Ø Record (opname): het gesprek opnemen.
Ø Mute (zonder geluid): het geluid van de lijn uitschakelen.
Ø Hold (pauze): een gesprek in pauze schakelen.
Ø Add Call (nieuw gesprek): een ander telefoonnummer invoeren en bellen.
Ø End Call (einde gesprek): druk op om het gesprek af te sluiten.
3. Contacten
Met deze functie kunt u door uw contacten bladeren, namen en nummers vastleggen, wijzigen en
verwijderen, in de telefoon en op de simkaart. In de contactenlijst drukt u op 'Contacts' of Call log'
(gesprekkenlijst) of 'Favorites' (favorieten) om tussen deze functies te schakelen.
3.1. Contactenlijst
In de contactenlijst drukt u op de toets [Menu] om de volgende functies te openen:
3.1.1. Zoeken
Contacten zoeken die in de telefoon en op de simkaart zijn opgeslagen, met behulp van
sleutelwoorden.
3.1.2. Contacten weergeven
Bepaal de weergavestijl van de contactenlijst: All contacts with phone numbers (alle
contacten met telefoonnummers), of All Contacts with (alle contacten met) kaart
SIM1/kaart SIM2, telefoon, Customize (persoonlijk).
3.1.3. Import/export
U kunt contacten van de SD-kaart, SIM1 of SIM2 exporteren of importeren.

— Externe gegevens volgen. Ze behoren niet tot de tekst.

(* Let $n\in\mathbb N$, $W=\{w_1,\dots,w_n\}$, $M=\{m_1,\dots,m_n\}$ disjoint, $\mu_{\mathrm{id}}$ the perfect marriage marrying $w_i$ to $m_i$ for all $i$, and $D=\{(i,j)\in\{1,\dots,n\}^2: i\ne j\}$. There exist functions $\succ_W:\{0,1\}^D\to\mathcal P(W,M)$ and $\succ_M:\{0,1\}^D\to\mathcal P(M,W)$ such that for all $\bar x,\bar y\in\{0,1\}^D$: (a) if $\mathrm{DISJ}(\bar x,\bar y)=1$ then $\mu_{\mathrm{id}}$ is the unique stable marriage with respect to $\succ_W(\bar x)$ and $\succ_M(\bar y)$; (b) if $\mathrm{DISJ}(\bar x,\bar y)=0$ then $\mu_{\mathrm{id}}$ is unstable with respect to $\succ_W(\bar x)$ and $\succ_M(\bar y)$.
   Context: $\mathcal P(W,M)$ is the set of profiles assigning to each woman a preference list, i.e. a totally ordered subset of $M$ (men not on the list are unacceptable); $\mathcal P(M,W)$ analogously. A woman prefers $m$ over $m'$ if $m$ precedes $m'$ on her list, or $m$ is on her list and $m'$ is not (being single counts as having no spouse on the list); analogously for men. A marriage is a one-to-one map between a subset of $W$ and a subset of $M$ (others single). A marriage is stable if every married participant is married to someone on their list and there is no blocking pair $(w,m)$: $w$ prefers $m$ to her current situation and $m$ prefers $w$ to his. $\mathrm{DISJ}(\bar x,\bar y)=1$ if there is no index $(i,j)$ with $x^i_j=y^i_j=1$, and $0$ otherwise. *)

(* Women and men are both indexed by 'I_n:
   woman w_i is (i : 'I_n) on the women's side, man m_i is (i : 'I_n)
   on the men's side; the two sides are kept apart by role (disjoint). *)
From mathcomp Require Import all_boot.
Set Implicit Arguments. Unset Strict Implicit. Unset Printing Implicit Defensive.

(* A preference list: a duplicate-free sequence (totally ordered subset). *)
Definition pref_list (n : nat) (L : seq 'I_n) : bool := uniq L.

Definition profile (n : nat) := 'I_n -> seq 'I_n.
Definition is_profile (n : nat) (P : profile n) : Prop :=
  forall a, pref_list (P a).

(* Agent with list L prefers b over its current situation s (None = single):
   b precedes s on L, or b is on L and s is not (single counts as not on L). *)
Definition prefers (n : nat) (L : seq 'I_n) (b : 'I_n) (s : option 'I_n) : bool :=
  (b \in L) &&
  match s with
  | None => true
  | Some c => (c \notin L) || (index b L < index c L)
  end.

Definition marriage (n : nat) := {ffun 'I_n -> option 'I_n}.
Definition is_marriage (n : nat) (mu : marriage n) : Prop :=
  forall w w' m, mu w = Some m -> mu w' = Some m -> w = w'.

Definition spouse_of_man (n : nat) (mu : marriage n) (m : 'I_n) : option 'I_n :=
  [pick w | mu w == Some m].

Definition stable (n : nat) (PW PM : profile n) (mu : marriage n) : Prop :=
  is_marriage mu /\
  (forall w m, mu w = Some m -> m \in PW w /\ w \in PM m) /\
  (forall w m, ~~ (prefers (PW w) m (mu w) && prefers (PM m) w (spouse_of_man mu m))).

Definition mu_id (n : nat) : marriage n := [ffun w => Some w].

Definition Dset (n : nat) := {p : 'I_n * 'I_n | p.1 != p.2}.

Definition DISJ (n : nat) (x y : Dset n -> bool) : bool :=
  [forall d : Dset n, ~~ (x d && y d)].

(** Woman w_i lists exactly the men m_j with x_ij = 1, followed by m_i as her
    least acceptable choice; man m_j lists exactly the women w_i with
    y_ij = 1, followed by w_j.  Against the identity marriage, (w_i, m_j)
    is then a blocking pair iff x_ij = y_ij = 1, so mu_id is stable iff
    DISJ x y = 1.  When the vectors are disjoint, a stable marriage can only
    marry w_i to m_i (any other pair would need x_ij = y_ij = 1 to be
    mutually acceptable), and no w_i stays single, since otherwise
    (w_i, m_i) blocks. *)
From mathcomp Require Import all_boot.
Set Implicit Arguments. Unset Strict Implicit. Unset Printing Implicit Defensive.

Section PrefThen.

Variables (n : nat) (P : pred 'I_n) (a : 'I_n).
Hypothesis Pa : ~~ P a.

Definition pref_then : seq 'I_n := rcons [seq j <- enum 'I_n | P j] a.

Lemma mem_pref_then b : (b \in pref_then) = (b == a) || P b.
Proof. by rewrite mem_rcons inE mem_filter mem_enum andbT. Qed.

Lemma uniq_pref_then : uniq pref_then.
Proof. by rewrite rcons_uniq filter_uniq ?enum_uniq // mem_filter (negbTE Pa). Qed.

Lemma prefers_pref_then b : prefers pref_then b (Some a) = P b.
Proof.
have aNP : a \notin [seq j <- enum 'I_n | P j] by rewrite mem_filter (negbTE Pa).
rewrite /prefers !mem_pref_then eqxx /= /pref_then -cats1 !index_cat (negbTE aNP).
rewrite mem_filter mem_enum andbT /= eqxx addn0.
have [Pb|_] := boolP (P b); first by rewrite orbT index_mem mem_filter Pb mem_enum.
by rewrite ltnNge leq_addr andbF.
Qed.

End PrefThen.

Lemma spouse_of_man_mu_id n (m : 'I_n) : spouse_of_man (mu_id n) m = Some m.
Proof.
rewrite /spouse_of_man; case: pickP => [w|/(_ m)]; rewrite ffunE //.
  by move/eqP=> [->].
by rewrite eqxx.
Qed.

Lemma spouse_of_man_None n (mu : marriage n) m :
  (forall w, mu w != Some m) -> spouse_of_man mu m = None.
Proof.
by move=> notm; rewrite /spouse_of_man; case: pickP => // w; rewrite (negbTE (notm w)).
Qed.

(* [x] read as a function on all pairs, false on the diagonal. *)
Definition pairfun n (x : Dset n -> bool) (i j : 'I_n) : bool :=
  if insub (i, j) is Some d then x d else false.

Lemma pairfun_diag n (x : Dset n -> bool) i : ~~ pairfun x i i.
Proof. by rewrite /pairfun insubF //= eqxx. Qed.

Lemma DISJ_pairfunP n (x y : Dset n -> bool) :
  reflect (forall i j, ~~ (pairfun x i j && pairfun y i j)) (DISJ x y).
Proof.
apply: (iffP forallP) => [disj i j | disj [[i j] ij]].
  by rewrite /pairfun; case: insubP => // d.
by have := disj i j; rewrite /pairfun insubT.
Qed.

Definition women_pref n (x : Dset n -> bool) : profile n :=
  fun i => pref_then (pairfun x i) i.

Definition men_pref n (y : Dset n -> bool) : profile n :=
  fun j => pref_then (pairfun y ^~ j) j.

Lemma is_profile_women_pref n (x : Dset n -> bool) : is_profile (women_pref x).
Proof. by move=> i; apply: uniq_pref_then; apply: pairfun_diag. Qed.

Lemma is_profile_men_pref n (y : Dset n -> bool) : is_profile (men_pref y).
Proof. by move=> j; apply: uniq_pref_then; apply: pairfun_diag. Qed.

Section IdentityMarriage.

Variables (n : nat) (x y : Dset n -> bool).

Let PW := women_pref x.
Let PM := men_pref y.

Lemma mem_women_pref i j : (j \in PW i) = (j == i) || pairfun x i j.
Proof. exact: mem_pref_then. Qed.

Lemma mem_men_pref j i : (i \in PM j) = (i == j) || pairfun y i j.
Proof. exact: mem_pref_then. Qed.

Lemma blocks_mu_id w m :
  prefers (PW w) m (mu_id n w) && prefers (PM m) w (spouse_of_man (mu_id n) m)
  = pairfun x w m && pairfun y w m.
Proof.
by rewrite ffunE spouse_of_man_mu_id !prefers_pref_then ?pairfun_diag.
Qed.

Lemma stable_mu_idP : reflect (stable PW PM (mu_id n)) (DISJ x y).
Proof.
apply: (iffP (DISJ_pairfunP x y)) => [disj | [_ [_ noblock]] w m].
  split; first by move=> w w' m; rewrite !ffunE => -[->] [].
  split=> [w m | w m]; last by rewrite blocks_mu_id.
  by rewrite ffunE => -[<-]; rewrite mem_women_pref mem_men_pref eqxx.
by rewrite -blocks_mu_id.
Qed.

Lemma stable_eq_mu_id (mu : marriage n) :
  DISJ x y -> stable PW PM mu -> mu = mu_id n.
Proof.
move=> /DISJ_pairfunP disj [_ [acceptable noblock]].
have married_diag w m : mu w = Some m -> m = w.
  move=> /acceptable[]; rewrite mem_women_pref mem_men_pref.
  case: eqP => // _ /= xwm; case: eqP => [-> //|_ /= ywm].
  by have := disj w m; rewrite xwm ywm.
apply/ffunP => w; rewrite ffunE.
case muw: (mu w) => [m|]; first by rewrite (married_diag w m muw).
have single_w : spouse_of_man mu w = None.
  apply: spouse_of_man_None => w'; apply/eqP => muw'.
  by move: muw; rewrite (married_diag _ _ muw') muw'.
have := noblock w w; rewrite muw single_w /prefers.
by rewrite mem_women_pref mem_men_pref eqxx.
Qed.

End IdentityMarriage.

Theorem lemma15 (n : nat) :
  exists (fW : (Dset n -> bool) -> profile n) (fM : (Dset n -> bool) -> profile n),
    (forall x, is_profile (fW x)) /\ (forall y, is_profile (fM y)) /\
    forall x y : Dset n -> bool,
      (DISJ x y = true ->
         stable (fW x) (fM y) (mu_id n) /\
         (forall mu : marriage n, stable (fW x) (fM y) mu -> mu = mu_id n)) /\
      (DISJ x y = false -> ~ stable (fW x) (fM y) (mu_id n)).
Proof.
exists (@women_pref n), (@men_pref n).
split; first exact: is_profile_women_pref.
split; first exact: is_profile_men_pref.
move=> x y; split=> [disj | /negbT/stable_mu_idP //].
by split=> [|mu]; [apply/stable_mu_idP | apply: stable_eq_mu_id].
Qed.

Deel de geselecteerde
contacten via Bluetooth, e-mail of sms.
3.1.4. Accounts
Bepaal accounts en instellingen voor synchronisatie en beheer de contacten.
3.1.5. Instellingen
Bepaal de weergave-instellingen: Sort List by (sorteren op), View contact names as
(weergave contactnamen als).
3.1.6. Per batch verwijderen
Een, meerdere of alle contacten verwijderen
3.2. De contacten weergeven
3.2.1. Een nummer bellen in de contacten
Op het scherm dat de contacten weergeeft, drukt u op het gewenste contact en belt via de kaart
SIM1 of SIM2.
3.2.2. Een bericht verzenden
Op het scherm dat de contacten weergeeft, drukt u op om de berichteninterface te openen, voert
uw bericht in en stuurt het naar het telefoonnummer van uw contact, via kaart SIM1 of SIM2.
4. Gesprekkenlijst
Om de gesprekkenlijst te openen.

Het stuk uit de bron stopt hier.